Enquanto várias forças políticas partilham críticas a estas e outras políticas do governo, a IL distingue-se por atribuir a António Costa o aproveitamento da “baixa literacia da população” para tentar levar a sua agenda para a frente. Outros na IL vão ainda mais longe e apontam ao governo do Partido Socialista a manutenção da população portuguesa na escuridão da iliteracia financeira. 

Ou, nas palavras do Estudante de Gestão Militante da IL #2681, “um tema determinante como este deveria merecer uma reflexão: o sistema educativo português tem falhado na passagem de conteúdos financeiros”, “mesmo sem o dizer, o governo português tem, no curto prazo, interesse na manutenção da situação: ajuda a ganhar votos”. Ou seja, numa narrativa provavelmente inspirada no ditador que mantém a população analfabeta para a melhor controlar, o PS mantém a população financeiramente ignorante para melhor a controlar.

Também o Mais Liberdade, quando refere a literacia financeira na sua missão, enfatiza que “só assim as pessoas serão capazes de analisar criticamente as opções de política pública”. Enquanto outros talvez apontem para uma comunicação social mais focada em casos do que em políticas de fundo, uma população resignada perante a impossibilidade de contrariar políticas ou a inevitabilidade de “reformas necessárias”, a IL escolhe focar-se numa incapacidade dos cidadãos em compreenderem o que as políticas significam para a sua vida. Face às imensas parecenças com o tom usado no início do século a partir do pseudocientífico Quociente de Inteligência (QI) para descredibilizar camadas sociais inteiras, se formos menos simpáticos com os termos, os eleitores serão burros.

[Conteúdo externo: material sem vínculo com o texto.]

(* Write [S = sum_j d_j] and [eps = eps0].  The trace of [V D M^T Psi] is
   [sum_j d_j <m_j, Psi v_j> <= ||Psi||_2 S = (1 - 2 eps) S], so it suffices to
   show [0F1 >= K exp ((1 - eps/2) S)].  Near [pid_mx p] the diagonal entries
   are large: if [|Y - I|_F^2 < eps] then every [Y_jj > 1 - eps/2].  Integrating
   against the bump [max 0 (eps - |Y - I|_F^2)] gives the bound with
   [K = E[bump] / eps].  Finally [E[bump] > 0]: a finite grid approximates every
   point of the Stiefel manifold, Householder reflections rotate each grid cell
   onto a neighbourhood of [pid_mx p], so finitely many rotated bumps sum to at
   least [eps / 2] everywhere, and by Haar invariance each has the same mean. *)

Section SumOfSquares.
Variables (R : realType) (n : nat).
Implicit Types a b f : 'I_n -> R.

Lemma sqr_le_sum_sqr f i : f i ^+ 2 <= \sum_j f j ^+ 2.
Proof. by rewrite (bigD1 i) //= lerDl; apply: sumr_ge0 => j _; exact: sqr_ge0. Qed.

Lemma sum_sqr1_bound f i : \sum_j f j ^+ 2 = 1 -> -1 <= f i <= 1.
Proof.
by move=> f_unit; have := sqr_le_sum_sqr f i; rewrite f_unit => ?; apply/andP; split; nra.
Qed.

Assim, pôr a literacia num pedestal não é apenas consistente com as propostas da IL. É consistente com a composição e o caráter elitista do partido - o partido dos literatos em oposição às massas ignorantes -  e com a sua visão do mundo: uma força política que procura explicar a rejeição a partir da ignorância, evitando confrontar-se com o facto de as suas propostas serem puramente nocivas para a grande maioria da população. 

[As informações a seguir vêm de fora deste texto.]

Lemma rows3_unit (v0 v1 v2 : 'rV[F]_3) : v0 != 0 -> ~~ (v1 <= v0)%MS ->
  ~~ (v2 <= v0 + v1)%MS -> rows3 v0 v1 v2 \in unitmx.
Proof.
move=> v0_nz v1_v0 v2_v01; rewrite -row_free_unit /row_free eqn_leq rank_leq_col /=.
have sub_rows3 : (v0 + v1 + v2 <= rows3 v0 v1 v2)%MS.
  have rowQ (i : 'I_3) : ([:: v0; v1; v2]`_i <= rows3 v0 v1 v2)%MS.
    by have := row_sub i (rows3 v0 v1 v2); rewrite rowK.
  by rewrite !addsmx_sub (rowQ 0) (rowQ 1) (rowQ 2).
apply: leq_trans (mxrankS sub_rows3); apply: leq_ltn_trans (mxrank_adds_gt v2_v01).
by apply: leq_ltn_trans (mxrank_adds_gt v1_v0); rewrite rank_rV v0_nz.
Qed.

Lemma rows3_trig (v0 v1 v2 : 'rV[F]_3) Y : rows3 v0 v1 v2 \in unitmx ->
  (v0 *m Y <= v0)%MS -> (v1 *m Y <= v0 + v1)%MS ->
  is_trig_mx (rows3 v0 v1 v2 *m Y *m invmx (rows3 v0 v1 v2)).
Proof.
set Q := rows3 v0 v1 v2 => Qu /sub_rVP[c v0Y] /sub_addsmxP[[u0 u1] /= v1Y].
have eQ i : row i Q *m invmx Q = delta_mx 0 i by rewrite -row_mul mulmxV ?row1.
have Q0 : row 0 Q = v0 := rowK _ _; have Q1 : row 1 Q = v1 := rowK _ _.
have rowY0 : row 0 (Q *m Y *m invmx Q) = c *: delta_mx 0 0.
  by rewrite !row_mul Q0 v0Y -scalemxAl -Q0 eQ.
have rowY1 : row 1 (Q *m Y *m invmx Q) = u0 *m delta_mx 0 0 + u1 *m delta_mx 0 1.
  by rewrite !row_mul Q1 v1Y mulmxDl -!mulmxA -Q0 -Q1 !eQ.
have Me i j : (Q *m Y *m invmx Q) i j = row i (Q *m Y *m invmx Q) 0 j.
  by rewrite [RHS]mxE.
apply/is_trig_mxP => i j; rewrite Me.
case: (ord3P i) => ->; case: (ord3P j) => -> //= _;
  by rewrite ?rowY0 ?rowY1 !mxE ?big_ord1 ?mxE !eqE /= !mulr0 ?addr0.
Qed.

Lemma rows3_diag (v0 v1 v2 : 'rV[F]_3) X d0 d1 d2 : rows3 v0 v1 v2 \in unitmx ->
  v0 *m X = d0 *: v0 -> v1 *m X = d1 *: v1 -> v2 *m X = d2 *: v2 ->
  rows3 v0 v1 v2 *m X *m invmx (rows3 v0 v1 v2) =
    diag_mx (\row_(i < 3) [:: d0; d1; d2]`_i).
Proof.
set Q := rows3 v0 v1 v2 => Qu X0 X1 X2; apply/row_matrixP => i.
have QX : row i Q *m X = [:: d0; d1; d2]`_i *: row i Q.
  by rewrite rowK; case: (ord3P i) => ->.
by rewrite !row_mul QX -scalemxAl -row_mul mulmxV // row1 row_diag_mx mxE.
Qed.

Lemma flag_commutant_trig X m1 m2 (S1 : 'M[F]_(m1, 3)) (S2 : 'M[F]_(m2, 3)) :
  \rank S1 = 1 -> \rank S2 = 2 -> (S1 <= S2)%MS ->
  (forall Y, comm_mx X Y -> stablemx S1 Y /\ stablemx S2 Y) -> commutant_trig X.
Proof.
move=> rS1 rS2 S12 S_stable; set v0 := nz_row S1.
have v0_nz : v0 != 0 by rewrite nz_row_eq0 -mxrank_eq0 rS1.
have S1v0 : (S1 <= v0)%MS := rank1_submx_rV rS1 (nz_row_sub S1) v0_nz.
have /row_subPn[i v1_v0] : ~~ (S2 <= v0)%MS.
  by apply/negP => /mxrankS; rewrite rS2 rank_rV v0_nz.
set v1 := row i S2 in v1_v0.
have v01S2 : (v0 + v1 <= S2)%MS.
  by rewrite addsmx_sub row_sub (submx_trans (nz_row_sub S1)).
have S2v01 : (S2 <= v0 + v1)%MS.
  rewrite -(mxrank_leqif_sup v01S2).2 eqn_leq mxrankS //= rS2.
  by have := mxrank_adds_gt v1_v0; rewrite rank_rV v0_nz.
have /row_subPn[j v2_v01] : ~~ (1%:M <= v0 + v1)%MS.
  apply/negP => /mxrankS; rewrite mxrank1 => /leq_trans/(_ (mxrankS v01S2)).
  by rewrite rS2.
exists (rows3 v0 v1 (row j 1%:M)); first exact: rows3_unit.
move=> Y /S_stable[S1Y S2Y]; apply: rows3_trig; first exact: rows3_unit.
  exact: submx_trans (submxMr Y (nz_row_sub S1)) (submx_trans S1Y S1v0).
exact: submx_trans (submxMr Y (row_sub i S2)) (submx_trans S2Y S2v01).
Qed.

End Flags.

(** * Non-scalar 3 x 3 matrices over a closed field *)

Section EigenvectorsCommutation.
Variables (F : fieldType) (n : nat).
Implicit Types (X Y Z : 'M[F]_n) (v : 'rV[F]_n).

Lemma comm_mx_subl_scalar X Y a : comm_mx X Y -> comm_mx (X - a%:M) Y.
Proof. by move=> XY; rewrite /comm_mx mulmxBl mulmxBr XY scalar_mxC. Qed.

Lemma comm_mx_affine Z X Y a b k : k != 0 -> Y - b%:M = k *: (X - a%:M) ->
  comm_mx Z Y <-> comm_mx Z X.
Proof.
move=> k_nz YX.
have shift W c : comm_mx Z (W - c%:M) <-> comm_mx Z W.
  by rewrite /comm_mx mulmxBr mulmxBl scalar_mxC; split=> [/addIr | ->].
apply: iff_trans (iff_sym (shift Y b)) _; apply: iff_trans (shift X a).
by rewrite /comm_mx YX -scalemxAr -scalemxAl; split=> [/(scalerI k_nz) | ->].
Qed.

Lemma eigen_uniq v X e e' : v != 0 -> v *m X = e *: v -> v *m X = e' *: v -> e = e'.
Proof.
move=> v_nz -> /eqP; rewrite -subr_eq0 -scalerBl scaler_eq0 (negPf v_nz) orbF.
by rewrite subr_eq0 => /eqP.
Qed.

Lemma eigen_shift v X e a : v *m X = e *: v -> v *m (X - a%:M) = (e - a) *: v.
Proof. by move=> vX; rewrite mulmxBr vX mul_mx_scalar scalerBl. Qed.

Lemma eigen_submx v X e : v *m X = e *: v -> e != 0 -> (v <= X)%MS.
Proof.
move=> vX e_nz; apply/submxP; exists (e^-1 *: v).
by rewrite -scalemxAl vX scalerA mulVf // scale1r.
Qed.

Lemma unitmx_eigen_nz v X e : X \in unitmx -> v != 0 -> v *m X = e *: v -> e != 0.
Proof.
move=> Xu v_nz vX; apply: contraNneq v_nz => e0.
by rewrite -(mulmxK Xu v) vX e0 scale0r mul0mx.
Qed.

Lemma eigenvalue_rank X a : eigenvalue X a -> (\rank (X - a%:M)%R < n)%N.
Proof. by rewrite /eigenvalue /eigenspace -mxrank_eq0 mxrank_ker subn_eq0 -ltnNge. Qed.

End EigenvectorsCommutation.

Lemma closed_eigenvalue (F : closedFieldType) n (X : 'M[F]_n.+1) :
  exists a, eigenvalue X a.
Proof.
have /closed_rootP[a] : size (char_poly X) != 1 by rewrite size_char_poly.
by rewrite -eigenvalue_root_char; exists a.
Qed.

Section Classification.
Variable F : fieldType.
Implicit Types X Y : 'M[F]_3.

(* [X] is similar to [diag_mx (l, l, m)]. *)
Definition diag_llm X l m :=
  [/\ l != m, \rank (X - l%:M) = 1 & (X - l%:M) *m (X - m%:M) = 0].

Lemma rank1_diag_llm_or_trig X l : \rank (X - l%:M) = 1 ->
  (exists m, diag_llm X l m) \/ commutant_trig X.
Proof.
set N := X - l%:M => rN; set a := nz_row N.
have a_nz : a != 0 by rewrite nz_row_eq0 -mxrank_eq0 rN.
have Na : (N <= a)%MS := rank1_submx_rV rN (nz_row_sub N) a_nz.
have [t aN] : exists t, a *m N = t *: a by apply/sub_rVP/(submx_trans (submxMl a N)).
have NN : N *m N = t *: N.
  by have [D ND] := submxP Na; rewrite {1}ND -mulmxA aN -scalemxAr -ND.
have [t0 | t_nz] := eqVneq t 0.
  right; apply: (flag_commutant_trig (S1 := N) (S2 := kermx N)) => //.
  - by rewrite mxrank_ker rN.
  - by apply/sub_kermxP; rewrite NN t0 scale0r.
  move=> Y /(comm_mx_subl_scalar l) NY.
  by split; [apply: comm_mx_stable | apply: comm_mx_stable_ker].
left; exists (l + t); split => //; first by rewrite eq_sym -subr_eq0 addrAC subrr add0r.
have -> : X - (l + t)%:M = N - t%:M by rewrite raddfD opprD addrA.
by rewrite mulmxBr NN mul_mx_scalar subrr.
Qed.

Lemma rank2_nonsemisimple_trig X l : \rank (X - l%:M) = 2 ->
  \rank ((X - l%:M) *m (X - l%:M)) != 2 -> commutant_trig X.
Proof.
set N := X - l%:M => rN rNN.
have rNN1 : \rank (N *m N) = 1.
  have NN_nz : N *m N != 0.
    by apply/eqP => /sub_kermxP/mxrankS; rewrite mxrank_ker rN.
  move: (mxrankM_maxl N N) rNN NN_nz; rewrite rN -mxrank_eq0.
  by case: (\rank _) => [|[|[|]]].
apply: (flag_commutant_trig (S1 := kermx N) (S2 := kermx (N *m N))).
- by rewrite mxrank_ker rN.
- by rewrite mxrank_ker rNN1.
- by apply/sub_kermxP; rewrite mulmxA mulmx_ker mul0mx.
move=> Y /(comm_mx_subl_scalar l)/comm_mx_sym YN.
by split; apply: comm_mx_stable_ker; apply/comm_mx_sym => //; apply: comm_mxM.
Qed.

Lemma two_eigen_rank2_trig X l m : l != m ->
  \rank (X - l%:M) = 2 -> \rank (X - m%:M) = 2 -> commutant_trig X.
Proof.
move=> lm rL rM; set K := kermx (X - l%:M); set K' := kermx (X - m%:M).
have KK' : (K :&: K')%MS = 0.
  have /sub_kermxP CL := capmxSl K K'; have /sub_kermxP CM := capmxSr K K'.
  have : (m - l) *: (K :&: K')%MS = 0.
    have e : (X - l%:M) - (X - m%:M) = (m - l)%:M.
      by rewrite opprB addrC addrA subrK raddfB.
    by rewrite -mul_mx_scalar -e mulmxBr CL CM subrr.
  by move/eqP; rewrite scaler_eq0 subr_eq0 eq_sym (negPf lm) => /eqP.
apply: (flag_commutant_trig (S1 := K) (S2 := (K + K')%MS)).
- by rewrite mxrank_ker rL.
- by rewrite mxrank_disjoint_sum // !mxrank_ker rL rM.
- exact: addsmxSl.
move=> Y XY; have KY := comm_mx_stable_ker (comm_mx_subl_scalar l XY).
by have K'Y := comm_mx_stable_ker (comm_mx_subl_scalar m XY); split; rewrite ?stableDmx.
Qed.

End Classification.

Lemma other_eigenvalue (F : closedFieldType) (X : 'M[F]_3) l :
  \rank (X - l%:M) = 2 -> \rank ((X - l%:M) *m (X - l%:M)) = 2 ->
  exists2 m, m != l & eigenvalue X m.
Proof.
set N := X - l%:M => rN rNN.
have [r charX] := closed_field_poly_normal (char_poly X).
rewrite (monicP (char_poly_monic X)) scale1r in charX.
(* Were l the only root, Cayley-Hamilton would give N^3 = 0, although N^2 has
   the same row space as N. *)
have [/all_pred1P r_l | ] := boolP (all (pred1 l) r); last first.
  rewrite -has_predC => /hasP[m mr ml]; exists m => //.
  by rewrite eigenvalue_root_char charX root_prod_XsubC.
have size_r : size r = 3.
  by have := size_char_poly X; rewrite charX size_prod_XsubC => -[].
have N3 := Cayley_Hamilton X.
rewrite charX r_l size_r big_nseq /= !rmorphM rmorph1 /= rmorphB /= in N3.
rewrite horner_mx_X horner_mx_C -/N mulr1 -!mulmxE in N3.
have NNN : (N <= N *m N)%MS.
  by rewrite -(mxrank_leqif_sup (submxMl N N)).2 rNN rN.
by have := mxrankS (submxMr N NNN); rewrite -mulmxA N3 mxrank0 rNN.
Qed.

Lemma nonscalar_diag_llm_or_trig (F : closedFieldType) (X : 'M[F]_3) :
  (forall c, X != c%:M) -> (exists l m, diag_llm X l m) \/ commutant_trig X.
Proof.
move=> X_nscalar.
have rank12 c : eigenvalue X c -> \rank (X - c%:M) = 1 \/ \rank (X - c%:M) = 2.
  move/eigenvalue_rank; have : \rank (X - c%:M) != 0 by rewrite mxrank_eq0 subr_eq0.
  by case: (\rank _) => [|[|[|]]] //; auto.
have rank1_case c : \rank (X - c%:M) = 1 ->
    (exists l m, diag_llm X l m) \/ commutant_trig X.
  by case/rank1_diag_llm_or_trig => [[m]|]; [left; exists c, m | right].
have [l /rank12[/rank1_case // | rL]] := closed_eigenvalue X.
have [rNN | ] := eqVneq (\rank ((X - l%:M) *m (X - l%:M))) 2; last first.
  by right; apply: rank2_nonsemisimple_trig rL _.
have [m ml /rank12[/rank1_case // | rM]] := other_eigenvalue rL rNN.
by right; apply: (two_eigen_rank2_trig _ rL rM); rewrite eq_sym.
Qed.

Section DiagLLM.
Variables (F : fieldType) (X : 'M[F]_3) (l m : F).
Hypothesis llmX : diag_llm X l m.

Lemma diag_llm_eigenvalue (v : 'rV[F]_3) t : v != 0 -> v *m X = t *: v ->
  t = l \/ t = m.
Proof.
case: llmX => _ _ XX v_nz vX.
have : v *m ((X - l%:M) *m (X - m%:M)) = 0 by rewrite XX mulmx0.
rewrite mulmxA (eigen_shift l vX) -scalemxAl (eigen_shift m vX) scalerA.
move/eqP; rewrite scaler_eq0 (negPf v_nz) orbF mulf_eq0 !subr_eq0.
by case/orP => /eqP; auto.
Qed.

Lemma diag_llm_im_eigenvector :
  nz_row (X - l%:M) != 0 /\ nz_row (X - l%:M) *m X = m *: nz_row (X - l%:M).
Proof.
case: llmX => _ rX XX; split; first by rewrite nz_row_eq0 -mxrank_eq0 rX.
have [D ->] := submxP (nz_row_sub (X - l%:M)).
by apply/eqP; rewrite -subr_eq0 -mul_mx_scalar -mulmxBr -mulmxA XX mulmx0.
Qed.

Lemma diag_llm_im_stable Y : comm_mx X Y ->
  exists s, nz_row (X - l%:M) *m Y = s *: nz_row (X - l%:M).
Proof.
case: llmX => _ rX _ /(comm_mx_subl_scalar l)/comm_mx_stable XY.
apply/sub_rVP; apply: submx_trans (rank1_submx_rV rX _ diag_llm_im_eigenvector.1).
  exact: submx_trans (submxMr Y (nz_row_sub _)) XY.
exact: nz_row_sub.
Qed.

Lemma diag_llm_unit_nz : X \in unitmx -> l != 0 /\ m != 0.
Proof.
case: llmX => _ rX _ Xu; split.
  by apply/eqP => l0; move: rX; rewrite l0 raddf0 subr0 mxrank_unit.
by have [a_nz aX] := diag_llm_im_eigenvector; apply: unitmx_eigen_nz Xu a_nz aX.
Qed.

Lemma diag_llm_ker_im_full : (1%:M <= kermx (X - l%:M) + (X - l%:M))%MS.
Proof.
case: llmX => lm _ XX.
have -> : 1%:M = (l - m)^-1 *: ((X - m%:M) - (X - l%:M)).
  rewrite opprB [X - _ + _]addrC addrA subrK -raddfB scale_scalar_mx.
  by rewrite mulVf // subr_eq0.
apply/scalemx_sub/addmx_sub_adds; last by rewrite eqmx_opp.
have XlXm : comm_mx (X - l%:M) (X - m%:M).
  by apply/comm_mx_subl_scalar/comm_mx_sym/comm_mx_subl_scalar.
by apply/sub_kermxP; rewrite -XlXm.
Qed.

End DiagLLM.

(** * Commuting matrices similar to diag(l, l, m) *)

Section CommutingDiagLLM.
Variables (F : fieldType) (X Y : 'M[F]_3) (l m x y : F).
Hypotheses (XY : comm_mx X Y) (llmX : diag_llm X l m) (llmY : diag_llm Y x y).

Lemma diag_llm_affine (c : 'rV[F]_3) : c != 0 -> c *m X = m *: c -> c *m Y = y *: c ->
  exists2 k, k != 0 & Y - x%:M = k *: (X - l%:M).
Proof.
move=> c_nz cX cY; have [lm rX _] := llmX; have [xy rY _] := llmY.
set NX := X - l%:M in rX *; set NY := Y - x%:M in rY *; set K := kermx NX.
have ml : m - l != 0 by rewrite subr_eq0 eq_sym.
have yx : y - x != 0 by rewrite subr_eq0 eq_sym.
have cNX : c *m NX = (m - l) *: c := eigen_shift l cX.
have cNY : c *m NY = (y - x) *: c := eigen_shift x cY.
have NXc : (NX <= c)%MS := rank1_submx_rV rX (eigen_submx cNX ml) c_nz.
have NYc : (NY <= c)%MS := rank1_submx_rV rY (eigen_submx cNY yx) c_nz.
exists ((y - x) / (m - l)); first by rewrite mulf_neq0 ?invr_eq0.
(* W vanishes on ker NX and on im NX = <c>, which together span the space. *)
apply/eqP; rewrite -subr_eq0 -submx0; set W := NY - _ *: NX.
have KNY : K *m NY = 0.
  have [E KE] := submxP (submx_trans (submxMl K NY) NYc).
  have : (m - l) *: (K *m NY) = 0.
    have NYX : comm_mx NY NX.
      exact/comm_mx_subl_scalar/comm_mx_sym/comm_mx_subl_scalar.
    by rewrite KE scalemxAr -cNX mulmxA -KE -mulmxA NYX mulmxA mulmx_ker mul0mx.
  by move/eqP; rewrite scaler_eq0 (negPf ml) => /eqP.
have KW : K *m W = 0 by rewrite mulmxBr KNY -scalemxAr mulmx_ker scaler0 subr0.
have NXW : NX *m W = 0.
  have [D ->] := submxP NXc; rewrite -mulmxA mulmxBr -scalemxAr cNX cNY scalerA.
  by rewrite divfK // subrr mulmx0.
rewrite -[W]mul1mx (submx_trans (submxMr W (diag_llm_ker_im_full llmX))) //.
by rewrite addsmxMr KW NXW adds0mx.
Qed.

A IL é usada como exemplo atual deste discurso, mas  já antes do partido existir e da literacia financeira estar na moda, os maiores proponentes do neoliberalismo já se apropriavam de uma aura de autoridade pseudo-intelectual – não fossem grande parte destes professores em faculdades de Economia. O exemplo-mor da altivez neoliberal talvez tenha sido protagonizado por António Borges, na altura consultor da PAF, que perante à recusa de alguns empresários na proposta de aumentar a taxação do trabalho e reduzir a do capital (descida da TSU), foram chamados de ignorantes e aconselhados a estudar.

“Que a medida é extremamente inteligente, acho que é. Que os empresários que se apresentaram contra a medida são completamente ignorantes, não passariam do primeiro ano do meu curso na faculdade, isso não tenham dúvidas”
– António Borges em 2012, A Direita Neoliberal e o Legado da Educação

O último século foi marcado por campanhas massivas de literacia por forças políticas que em nada se assemelhavam aos neoliberais de hoje. Com os Bolcheviques no poder, a iliteracia do Império Russo foi varrida; o regime Cubano que saiu da Revolução de 1959 lançou uma campanha de oito meses para a erradicar a iliteracia; e, no seguimento do 25 de Abril de 1974 em Portugal, o país entrou num novo paradigma educativo que permitiu uma tendência de convergência com o resto da Europa.

O neoliberalismo ascendeu com um desfigurar de conceitos de liberdade anteriormente dominados pela Esquerda. Impedir agora que o seu legado pelo progresso através da educação seja corrompido e apropriado pela Direita passa por reconhecer o que a literacia financeira representa: um conjunto de conceitos que servem melhor a profissões financeiras do que à população em geral e um mecanismo para articular discursos neoliberais.